### Work instruction
A copy is needed of each line in the records that has the word "split".

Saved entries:
Lemma mmeet_le_l a b : le (mmeet a b) a. Proof. apply (le_mmeet_iff a b), le_refl. Qed.
Lemma mmeet_le_r a b : le (mmeet a b) b. Proof. apply (le_mmeet_iff a b), le_refl. Qed.

Lemma mjoin_comm a b : mjoin a b = mjoin b a.
Proof. apply eq_by_upper_bounds; intro u; rewrite !mjoin_le_iff; tauto. Qed.

Lemma mmeet_comm a b : mmeet a b = mmeet b a.
Proof. apply eq_by_lower_bounds; intro u; rewrite !le_mmeet_iff; tauto. Qed.

Lemma perp_mjoin a b : perp (mjoin a b) = mmeet (perp a) (perp b).
Proof.
  apply eq_by_lower_bounds; intro u.
  rewrite le_mmeet_iff, le_perp_sym, mjoin_le_iff, !(le_perp_sym u). tauto.
Qed.

Lemma perp_mmeet a b : perp (mmeet a b) = mjoin (perp a) (perp b).
Proof. rewrite <- (perp_invol (mjoin _ _)), perp_mjoin, !perp_invol. reflexivity. Qed.

Lemma mmeet_is_glb a b : is_glb le (pairset a b) (mmeet a b).
Proof.
  split.
  - intros x [-> | ->]; [apply mmeet_le_l | apply mmeet_le_r].
  - intros u H. apply le_mmeet_iff; split; apply H; unfold pairset; auto.
Qed.

Lemma orthomodular {x y} : le x y -> y = mjoin x (mmeet y (perp x)).
Proof.
  intro Hxy. destruct (coml_orthomod (cm_ax M) Hxy (mmeet_is_glb y (perp x))) as [Hub Hleast].
  apply le_antisym.
  - apply Hleast. intros z [-> | ->]; [apply le_mjoin_l | apply le_mjoin_r].
  - apply mjoin_le_iff; split; apply Hub; unfold pairset; auto.
Qed.

Lemma orthomodular_dual {a b} : le a b -> mmeet b (mjoin a (perp b)) = a.
Proof.
  intro Hab. pose proof (orthomodular (perp_anti Hab)) as E.
  apply (f_equal perp) in E.
  rewrite perp_mjoin, perp_mmeet, !perp_invol in E. symmetry; exact E.
Qed.

Lemma sasaki_mono m {x y} : le x y -> le (sasaki m x) (sasaki m y).
Proof.
  intro Hxy. apply le_mmeet_iff; split; [apply mmeet_le_l |].
  eapply le_trans; [apply mmeet_le_r |].
  apply mjoin_le_iff; split; [apply le_mjoin_l |].
  exact (le_trans Hxy (le_mjoin_r _ _)).
Qed.

Lemma sasaki_top m : sasaki m top = m.
Proof.
  apply le_antisym; [apply mmeet_le_l |].
  apply le_mmeet_iff; split; [apply le_refl |].
  exact (le_trans (le_top _) (le_mjoin_r _ _)).
Qed.

Lemma sasaki_le_iff m x z : le (sasaki m x) z <-> le x (mjoin (perp m) (mmeet m z)).
Proof.
  split.
  - intro H. pose proof (orthomodular (le_mjoin_l (perp m) x)) as E.
    rewrite perp_invol in E.
    apply (le_trans (le_mjoin_r (perp m) x)). rewrite E.
    apply mjoin_le_iff; split; [apply le_mjoin_l |].
    eapply le_trans; [| apply le_mjoin_r].
    apply le_mmeet_iff; split; [apply mmeet_le_r |]. rewrite mmeet_comm. exact H.
  - intro H. apply (le_trans (sasaki_mono m H)). unfold sasaki.
    assert (E : mjoin (perp m) (mjoin (perp m) (mmeet m z)) = mjoin (perp m) (mmeet m z)).
    { apply le_antisym; [apply mjoin_le_iff; split; [apply le_mjoin_l | apply le_refl] |].
      apply le_mjoin_r. }
    rewrite E, (mjoin_comm (perp m)), (orthomodular_dual (mmeet_le_l m z)).
    apply mmeet_le_r.
Qed.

### Written answer
  split.
  - intros u H. apply le_mmeet_iff; split; apply H; unfold pairset; auto.
  - apply mjoin_le_iff; split; apply Hub; unfold pairset; auto.
  intro Hxy. apply le_mmeet_iff; split; [apply mmeet_le_l |].
  apply mjoin_le_iff; split; [apply le_mjoin_l |].
  apply le_mmeet_iff; split; [apply le_refl |].
  split.
    apply mjoin_le_iff; split; [apply le_mjoin_l |].
    apply le_mmeet_iff; split; [apply mmeet_le_r |]. rewrite mmeet_comm. exact H.
    { apply le_antisym; [apply mjoin_le_iff; split; [apply le_mjoin_l | apply le_refl] |].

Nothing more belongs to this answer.